Find any solutions of
\begin{align*}
5x - 7y + 3z &= 17\\
-15x + 20y - 9z &= -50
\end{align*}
Solution.
Reducing to an echelon form is enough to determine if the system is consistent and find the number of solutions it has. Using Octave to find the reduced echelon form (see the code cell immediately after this example), we get
\begin{equation*}
\begin{bmatrix} 1 & 0 & \frac{3}{5} & 2 \\ 0 & 1 & 0 & -1\end{bmatrix}.
\end{equation*}
From the reduced echelon form above, we see that the system must be consistent since the rank of the coefficient matrix is equal to the rank of the augmented matrix. Equivalently, the last column is not a pivot column. Furthermore, there are infinitely many solutions since the rank of the coefficient matrix is less than the total number of columns.
The solution set itself can be written in vector notation as
\begin{equation*}
\begin{bmatrix}x \\ y \\ z\end{bmatrix} = \begin{bmatrix}2 \\ -1 \\ 0\end{bmatrix} + z\begin{bmatrix}-\frac{3}{5} \\ 0 \\ 1\end{bmatrix}.
\end{equation*}
This, again, is verified below.
In the last example the variable \(z\) led to infinitely many solutions and we were able to write out solution depending on the value of this variable. We call \(z\) a free variable and \(x\) and \(y\) basic variables.
Definition 1.5.3. Basic and Free Variables.
Given a consistent linear system \(A\vb{x}=\vb{b}\text{,}\) the variables corresponding to pivot columns of \(A\) are basic variables and the variables corresponding to non-pivot columns of \(A\) are free variables.

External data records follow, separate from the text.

Variables (gamma : M -> A) (gamma_lin : linear gamma).
Hypothesis gamma_ext :
  forall s m, conductor s -> graph_val G ((s : S^c) *: y0) m = gamma (act s m).

Definition graph_step : set (Y * (M -> A)) :=
  [set yu | exists p u (s : S), G (p, u) /\
     yu = (p + (s : S^c) *: y0, fun m => u m + gamma (act s m))].

Lemma graph_step_fun p u s p' u' s' : G (p, u) -> G (p', u') ->
    p + (s : S^c) *: y0 = p' + (s' : S^c) *: y0 ->
  (fun m => u m + gamma (act s m)) = (fun m => u' m + gamma (act s' m)).
Proof.
have [_ _ _ GD _] := G_ext => Gpu Gpu' e.
have e' : ((s - s' : S) : S^c) *: y0 = p' - p.
  have -> : ((s - s' : S) : S^c) *: y0 = (s : S^c) *: y0 - (s' : S^c) *: y0.
    by rewrite -scalerBl.
  by rewrite -[(s : S^c) *: y0](addKr p) e addrA addrK addrC.
have G_diff := GD _ _ _ _ Gpu' (graph_opp Gpu).
have cond : conductor (s - s') by rewrite /conductor e'; exists (fun m => u' m - u m).
apply: funext => m; have := gamma_ext m cond.
rewrite e' (graph_valE G_diff) actB (linB gamma_lin) => d.
by rewrite -[u' m](subrK (u m)) d addrAC subrK addrC.
Qed.

Lemma graph_step_ext : ext_graph graph_step.
Proof.
have [_ Gg G_lin GD GM] := G_ext.
have act_gamma s : linear (fun m => gamma (act s m)).
  by move=> a v w; rewrite act_lin (linD gamma_lin) (linZ gamma_lin).
split.
- move=> y v w [p [u [s [Gpu [-> ->]]]]] [p' [u' [s' [Gpu' [e ->]]]]].
  exact: graph_step_fun Gpu Gpu' e.
- move=> x; exists (g x), (h x), 0; split=> //; rewrite scale0r addr0.
  by congr pair; apply: funext => m; rewrite act0 (lin0 gamma_lin) addr0.
- move=> y v [p [u [s [Gpu [_ ->]]]]] a w w'.
  by rewrite (G_lin _ _ Gpu) act_gamma scalerDr addrACA.
- move=> y v z w [p [u [s [Gpu [-> ->]]]]] [p' [u' [s' [Gpu' [-> ->]]]]].
  exists (p + p'), (fun m => u m + u' m), (s + s'); split; first exact: GD.
  congr pair; first by rewrite scalerDl addrACA.
  by apply: funext => m; rewrite actD (linD gamma_lin) addrACA.
- move=> r y v [p [u [s [Gpu [-> ->]]]]].
  exists ((r : S^c) *: p), (fun m => u (act r m)), (s * r); split; first exact: GM.
  congr pair; first by rewrite scalerDr scalerA.
  by apply: funext => m; rewrite actM.
Qed.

Any solution of the linear system
\(A\vb{x} = \vb{b}\) can always be written to depend solely on any free variables as we did in
Example 1.5.2. In fact we can go a bit further, still using our answer in
Example 1.5.2 as a guide. Using free variables, any solution to
\(A\vb{x}=\vb{b}\) can be written as a sum of two components:
\begin{equation*}
\vb{x} = \vb{x}_p + \vb{x}_{\text{free}}.
\end{equation*}
This notation will change shortly, but the main idea is that one component of the solution will not depend on the free variable and will represent a single solution of the system
\(A\vb{x} = \vb{b}\text{.}\) In
Example 1.5.2 this would be
\begin{equation*}
\vb{x}_{p} = \mqty[2\\-1\\0],
\end{equation*}
and it's easy to verify that
\begin{equation*}
A\vb{x}_{p} = \mqty[5 & -7 & 3 \\ -15 & 20 & -9]\mqty[2\\-1\\0] = \mqty[17\\-50].
\end{equation*}
The
other component of the solution,
\(\vb{x}_{\text{free}}\text{,}\) will depend on the free variable. In
Example 1.5.2, this component was
\begin{equation*}
\vb{x}_{\text{free}} = z\mqty[-\frac{3}{5} \\ 0 \\ 1].
\end{equation*}
As it turns out, this component is not a solution of the original system \(A\vb{x} = \vb{b}\text{.}\) Instead, \(A\vb{x}_{\text{free}} = \vb{0}\text{.}\) This behavior is shared by all consistent systems with free variables, and leads us to introduce the following terminology.
Definition 1.5.4. Associated Homogeneous System.
Given a linear system \(A\vb{x} = \vb{b}\text{,}\) we define the associated homogeneous system to be the system \(A\vb{x} = \vb{0}\text{.}\)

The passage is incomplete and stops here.